Наследуя Иосифу, Ян наследует вовсе не его Имени отца как символической функции; он (на)следует всему этому узлу, спаивающему имя, тело, смерть, жизнь. И такое (на)следование требует материального труда, производства мемориала, задействующего реальные следы Иосифа.
Многие полагают, что большая модернистская история искусств сегодня мертва — если вообще когда-либо в самом деле была жива. Но Ян при помощи Иосифа занимает позицию маргиналии, отброса по отношению к этой истории и тем самым оживляет ее архив, подобно тому как Иосиф верил в возможность оживления мертвого тела.
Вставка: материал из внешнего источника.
Lemma inv_rec2 k i b e cr : run k = Rec2 i b e cr -> inv k (Rec2 i b e cr) ->
  inv k.+1 (run k.+1).
Proof.
move=> Hs [Him Hik [q [Hqn Hok _ Hrk]]].
apply: (inv_rec2_step (i := i.+1) Him Hqn Hok); last by rewrite runS Hs.
by move=> j Hj; apply: Hrk.
Qed.

Lemma inv_run k : inv k (run k).
Proof.
elim: k => [//|k IH]; have Hr := runS k; case: (alpha_canon k) => Ha Hx Hc.
move: IH Hr; case Hs: (run k) => [|b wr|i b|c|i b e cr|e cr|i b e cr|b|b|b||] /= IH Hr.
- subst k; move: Hr; rewrite Ha Hc caddr0 ccarry0 /= => Hr.
  by apply: (inv_wait_step (wr := false) _ _ Hr) => // _; exact: width_gt0.
- by case: IH => Hb Hw; exact: (inv_wait_step Hb Hw Hr).
- by rewrite Hr Ha IH eqxx.
- by rewrite Hr Hc IH eqxx.
- exact: inv_rec1 Hs IH.
- exact: inv_gap Hs IH.
- exact: inv_rec2 Hs IH.
- by rewrite Hr.
- case: IH => Hb Hcc; move: Hr; rewrite Hx lwrap_canon.
  case: ifP => Hxk; last by move=> ->.
  case: ifP => Hw Hr; rewrite Hr /=; split=> //.
  + by apply: carry_out_horizon => //; exact/eqP.
  + by rewrite ccarryS Hw Hcc Hxk.
- by case: IH => Hb HP; rewrite Hr (flag_refutes HP) Hb; case: (guess).
- by [].
- by rewrite Hr.
Qed.

Lemma seen1_bit q i b : (forall j, j < n -> rank (run (q + j.+1)) = j.+1) ->
  elsat seen (seen1 i b) -> b = bitn (caddr q) i.
Proof.
move=> Hrk /elsat_seen1 [e [c [k Hk]]].
have := inv_run k; rewrite /run Hk /= => [[Hik [-> [_ _ _ Hrk1]]]].
have Hi := ltn_ord i; have E1 := Hrk1 i (leqnn i); have E2 := Hrk i Hi.
have Hq : q + i.+1 = k - i.+1 + i.+1 by apply: run_unique_rank; rewrite ?E1 ?E2 //; apply/eqP; nat_lia.
by have -> : q = k - i.+1 by nat_lia.
Qed.

Lemma seen2_bit t b' i b : run t = Rec2Last b' ->
  elsat seen (seen2 i b) -> b = bitn (caddr t.-1) i.
Proof.
move=> Ht; have := inv_run t; rewrite Ht /= => [[_ [Hmt [q [_ _ _ _ Hrk]]]]].
move/elsat_seen2; case: eqP => [Him [t2 Ht2] | /eqP Him [e [c [k Hk]]]].
  have := inv_run t2; rewrite /run Ht2 /= => [[_ [_ [q2 [-> _ _ _ _]]]]].
  have Ht2' : run t2 = Rec2Last b := Ht2.
  have -> : t2 = t.
    by apply: run_unique_rank; rewrite Ht2' ?Ht //=; try apply/eqP; nat_lia.
  by rewrite Him.
have Him' : i < m by rewrite ltn_neqAle Him -ltnS ltn_ord.
have := inv_run k; rewrite /run Hk /= => [[_ Hik [q2 [_ _ -> Hrk2]]]].
have E1 := Hrk2 i (leqnn i); have E2 := Hrk i Him'.
have Hk' : t.-1 - m + i.+1 = k - i.+1 + i.+1.
  by apply: run_unique_rank; rewrite ?E1 ?E2 //; apply/eqP; nat_lia.
by congr (bitn (caddr _) _); nat_lia.
Qed.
Так работала выставка Яна «Механический жук»: редкая попытка увидеть феномен Ильи Кабакова как бы сбоку, с обочины магистрального хода истории, который провозглашал, даже критикуя его, сам Кабаков. В углу этой выставки висел шерстяной костюм Иосифа, в котором тот постоянно ходил в последние годы своей жизни. Физически вживив этот элемент в замкнутую тотальность канонических элементов московского концептуализма, Ян сумел этот канон пересобрать.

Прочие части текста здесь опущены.